Невесть откуда взялась Ариша. Бесстрашно стоит перед отставным подполковником, глядя через выпуклые линзы, снизу вверх.
 – Так... Откуда здесь ребенок? Где мамаша?..
Задвигались, заоглядывались, словно мама у Ариши была такой же маленькой, незаметной.
 – Мяу! – вдруг разнеслось обиженно-истошное.
Кто-то наступил Мурзику, который тоже незаметно просочился в бомбоубежище, на хвост и теперь тот взывал к справедливости наказания за посягательство на его неприкосновенность.
 – Ну, прямо зверинец... Привадили живность... А ты, девочка, иди к маме, где твоя мама? – наклонился Домком над взирающими линзами.

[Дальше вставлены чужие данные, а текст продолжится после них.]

(* Let $r,\delta,n,h$ be positive integers and $\lambda$ an integer with $r\ge 2$, $n\geq (\lambda+1)(h+1)^2$, $\lambda\geq r-1$ and $h\geq\delta$. If $G\in \mathcal{K}_{n,\delta}^{\lambda_r^h}$ (with $\lambda^h_r=\lambda$), then $$n-(r-1)(h+1)-1<\rho(G)< n-(r-1)(h+1).$$
   Context: All graphs are finite and simple; $\rho(G)$ denotes the spectral radius of the adjacency matrix of $G$; $K_m$ is the complete graph on $m$ vertices, $\cup$ denotes disjoint union, $sK_m$ denotes $s$ disjoint copies of $K_m$. For integers $r\ge 2$, $h\ge 0$, the $h$-extra $r$-component edge-connectivity $\lambda^h_r(G)$ of a graph $G$ is the minimum size of an edge subset $F\subseteq E(G)$ such that $G-F$ is disconnected, has at least $r$ connected components, and every component of $G-F$ has at least $h+1$ vertices. $\mathcal{K}_{n,\delta}^{\lambda_r^h}$ denotes the set of graphs $G$ with $h$-extra $r$-component edge-connectivity $\lambda^h_r(G)=\lambda$ and minimum degree $\delta$ that are obtained from $K_{n-(r-1)(h+1)}\cup (r-2)K_{h+1}\cup K_h\cup K_1$ as follows: add $t$ edges between the vertex of $K_1$ and vertices of $K_h$, for some $1\leq t\leq \delta$; add $r-1$ edges joining a vertex of $K_{n-(r-1)(h+1)}$ to one vertex in each copy of $K_{h+1}$ and to one vertex of $K_h$; and then add $\lambda-r+1-\delta+t$ further edges between $K_{n-(r-1)(h+1)}$ and $(r-2)K_{h+1}\cup K_h\cup K_1$. *)

From HB Require Import structures.
From mathcomp Require Import all_boot all_order all_algebra.
From mathcomp Require Import polyrcf.
From mathcomp Require Import reals.
Set Implicit Arguments. Unset Strict Implicit. Unset Printing Implicit Defensive.
Import Order.TTheory GRing.Theory Num.Theory.

Definition simple_graph n (e : rel 'I_n) : Prop :=
  (forall x, ~~ e x x) /\ (forall x y, e x y = e y x).

Definition edges n (e : rel 'I_n) : {set {set 'I_n}} :=
  [set E : {set 'I_n} | [exists x, exists y, e x y && (E == [set x; y])]].

Definition del_edges n (e : rel 'I_n) (F : {set {set 'I_n}}) : rel 'I_n :=
  fun x y => e x y && ([set x; y] \notin F).

Definition components n (e : rel 'I_n) : {set {set 'I_n}} :=
  [set [set y | connect e x y] | x : 'I_n].

Definition extra_comp_cut n (e : rel 'I_n) (r h : nat) (F : {set {set 'I_n}}) :=
  [/\ F \subset edges e,
      1 < #|components (del_edges e F)|,
      r <= #|components (del_edges e F)|
    & forall C, C \in components (del_edges e F) -> h.+1 <= #|C|].

Definition extra_comp_edge_conn_eq n (e : rel 'I_n) (r h lam : nat) : Prop :=
  (exists F, extra_comp_cut e r h F /\ #|F| = lam) /\
  (forall F, extra_comp_cut e r h F -> lam <= #|F|).

Definition deg n (e : rel 'I_n) (x : 'I_n) : nat := #|[set y | e x y]|.

Definition min_degree_eq n (e : rel 'I_n) (d : nat) : Prop :=
  (exists x, deg e x = d) /\ (forall x, d <= deg e x).

Definition adj_mx (R : realType) n (e : rel 'I_n) : 'M[R]_n :=
  (\matrix_(i, j) (e i j)%:R)%R.

(* For a real symmetric matrix (such as
   an adjacency matrix) all eigenvalues are real, so this is rho(G). *)
Definition spec_rad (R : realType) n (e : rel 'I_n) : R :=
  (\big[Num.max/0]_(x <- rootsR (char_poly (adj_mx R e))) `|x|)%R.

(* Vertex labelling p : 'I_n -> nat:
     p x = 0         : the big clique K_{n-(r-1)(h+1)}
     p x = i, 1<=i<=r-2 : the i-th copy of K_{h+1}
     p x = r-1       : the K_h
     p x = r         : the K_1 (vertex v). *)
Definition in_family_K n (delta r h lam : nat) (e : rel 'I_n) : Prop :=
  simple_graph e /\
  extra_comp_edge_conn_eq e r h lam /\
  min_degree_eq e delta /\
  exists (p : 'I_n -> nat) (a v : 'I_n) (t : nat),
    [/\ (forall x, p x <= r),
        #|[set x | p x == 0]| = n - (r - 1) * (h + 1),
        (forall i, 1 <= i <= r - 2 -> #|[set x | p x == i]| = h + 1),
        #|[set x | p x == r - 1]| = h &
        [set x | p x == r] = [set v] /\
      [/\
          (forall x y, x != y -> p x = p y -> e x y),
          (forall x y, e x y -> 0 < p x -> 0 < p y -> p x != p y ->
                (p x == r - 1) && (p y == r) || (p x == r) && (p y == r - 1)),
          1 <= t <= delta /\ #|[set y | e v y & p y == r - 1]| = t,
          p a = 0 /\ (forall i, 1 <= i <= r - 1 -> exists y, p y = i /\ e a y) &
          (* r-1 + (lam - r + 1 - delta + t) edges in total between the big
             clique and the rest (the lam-r+1-delta+t further edges are
             distinct from the r-1 edges at a, so their number is >= 0) *)
          #|[set E in edges e | [exists x in E, p x == 0] &&
                                [exists y in E, p y != 0]]| + delta
            = lam + t ] ].

From HB Require Import structures.
From mathcomp Require Import all_boot all_order all_algebra.
From mathcomp Require Import polyrcf.
From mathcomp Require Import reals.
From mathcomp Require Import zify complex sesquilinear spectral.

(* Write N = n - (r-1)(h+1) and B for the vertex set of the big clique K_N.
   Lower bound: B is a clique with a neighbour y outside it, so the Rayleigh
   quotient of the test vector N 1_B + 1_y exceeds N - 1.  Upper bound: at most
   lambda edges leave B and every vertex outside B has at most h neighbours
   outside B; hence the positive weight w equal to 2 lambda N on B and to
   N + 2 lambda deg_B(i) outside B satisfies w A < N w entrywise, and the
   Collatz-Wielandt argument bounds every eigenvalue of A by N in modulus. *)

Set Implicit Arguments.
Unset Strict Implicit.
Unset Printing Implicit Defensive.

Import Order.TTheory GRing.Theory Num.Theory.

Local Open Scope ring_scope.

Lemma norm_eigenvalue_lt (R : realFieldType) n (A : 'M[R]_n) (w : 'rV[R]_n) (c t : R) :
  (forall i j, 0 <= A i j) -> (forall j, 0 < w 0 j) ->
  (forall j, (w *m A) 0 j < c * w 0 j) -> eigenvalue A t -> `|t| < c.
Proof.
move=> A_ge0 w_gt0 wA_lt /eigenvalueP [v vA v_neq0].
have [k vk_neq0] : exists k, v 0 k != 0.
  apply/existsP; apply: contraR v_neq0; rewrite negb_exists => /forallP v0.
  by apply/eqP/rowP => k; rewrite mxE; apply/eqP/negPn/v0.
pose ratio j := `|v 0 j| / w 0 j.
have [j _ ratio_max] := @arg_maxP _ _ _ k predT ratio isT.
have ratio_gt0 : 0 < ratio j.
  by apply: lt_le_trans (ratio_max k isT); rewrite divr_gt0 ?normr_gt0.
have vj_gt0 : 0 < `|v 0 j| by move: ratio_gt0; rewrite pmulr_lgt0 ?invr_gt0.
have v_le i : `|v 0 i| <= ratio j * w 0 i by rewrite -ler_pdivrMr //; exact: ratio_max.
suff : `|t| * `|v 0 j| < c * `|v 0 j| by rewrite (ltr_pM2r vj_gt0).
have -> : `|t| * `|v 0 j| = `|(v *m A) 0 j| by rewrite vA mxE normrM.
rewrite mxE; apply: le_lt_trans (ler_norm_sum _ _ _) _.
apply: (@le_lt_trans _ _ (ratio j * (w *m A) 0 j)).
  rewrite mxE mulr_sumr; apply: ler_sum => i _.
  by rewrite normrM (ger0_norm (A_ge0 i j)) mulrA ler_wpM2r ?v_le.
have -> : `|v 0 j| = ratio j * w 0 j by rewrite divfK // gt_eqF.
by rewrite mulrCA ltr_pM2l.
Qed.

 – А что такое секс? – Не унималась Ариша.
 – Мама тебе все разъяснит.
 – Мама не знает, – надулась Ариша. – Она отсталая...
 – Арина, пойдем со мной, – сказал Писатель. – А вы продолжайте, Владимир Владимирович, я с вами согласен, ремонт нужен.
И стал пробираться к выходу из бомбоубежища.
 – У меня идея. – Услышал он возбуждённый голос поэта Васи. – Давайте превратим наш дом в граффити. Со стихами …
Но приняли его предложение или нет ни Писатель, ни Ариша, ни Мурзик, выскочивший за дверь впереди них, уже не услышали.


Боря – буддист начинал как кришнаит, но стал широко известен не только в узких кругах единоверцев. Пару лет он ходил в широких шароварах и неустанно повторял:
Харе Кришна Харе Кришна
Кришна Кришна Харе Харе
Харе Рама Харе Рама
Рама Рама Харе Харе,
не особенно вдумываясь в значение этих слов и только много позже узнал, что имена Бога на санскрите на русский язык можно перевести примерно так: «О Всепривлекающий, о Всерадующий Бог, о духовная энергия Бога! Прошу, позволь мне преданно служить Тебе». И посчитал, что не напрасно прожил эти два года, питаясь рисом и овощами, предаваясь телесному воздержанию.
После звездного часа поклонников Кришны и их растворения на просторах страны, на детской площадке во дворе среди качелей и горок он соорудил хурдэ – разрисованный металлический цилиндр, насаженный на металлический прут, и начал обучать детишек крутить его, утверждая, что тем самым сближает их с Богом. Когда Писатель, который в отличие от прочих жильцов немного разбирался в религиях, поинтересовался, что находится внутри цилиндра, ведь Боре неоткуда было взять молитвенные тексты, а именно они должны были находиться там, тот ответствовал, что вполне достаточно просто знания, что они должны быть там, тем более, что истинных буддистов в окрестностях кроме него нет никого.
И действительно, малышне крутить цилиндр скоро надоело, подростки, не особо задумываясь что это такое, согнули стержень, отчего он перестал крутиться, а потом городские обустроители детских площадок непонятный цилиндр убрали и на его месте разместили антивандальные шагалки, сжималки, круталки...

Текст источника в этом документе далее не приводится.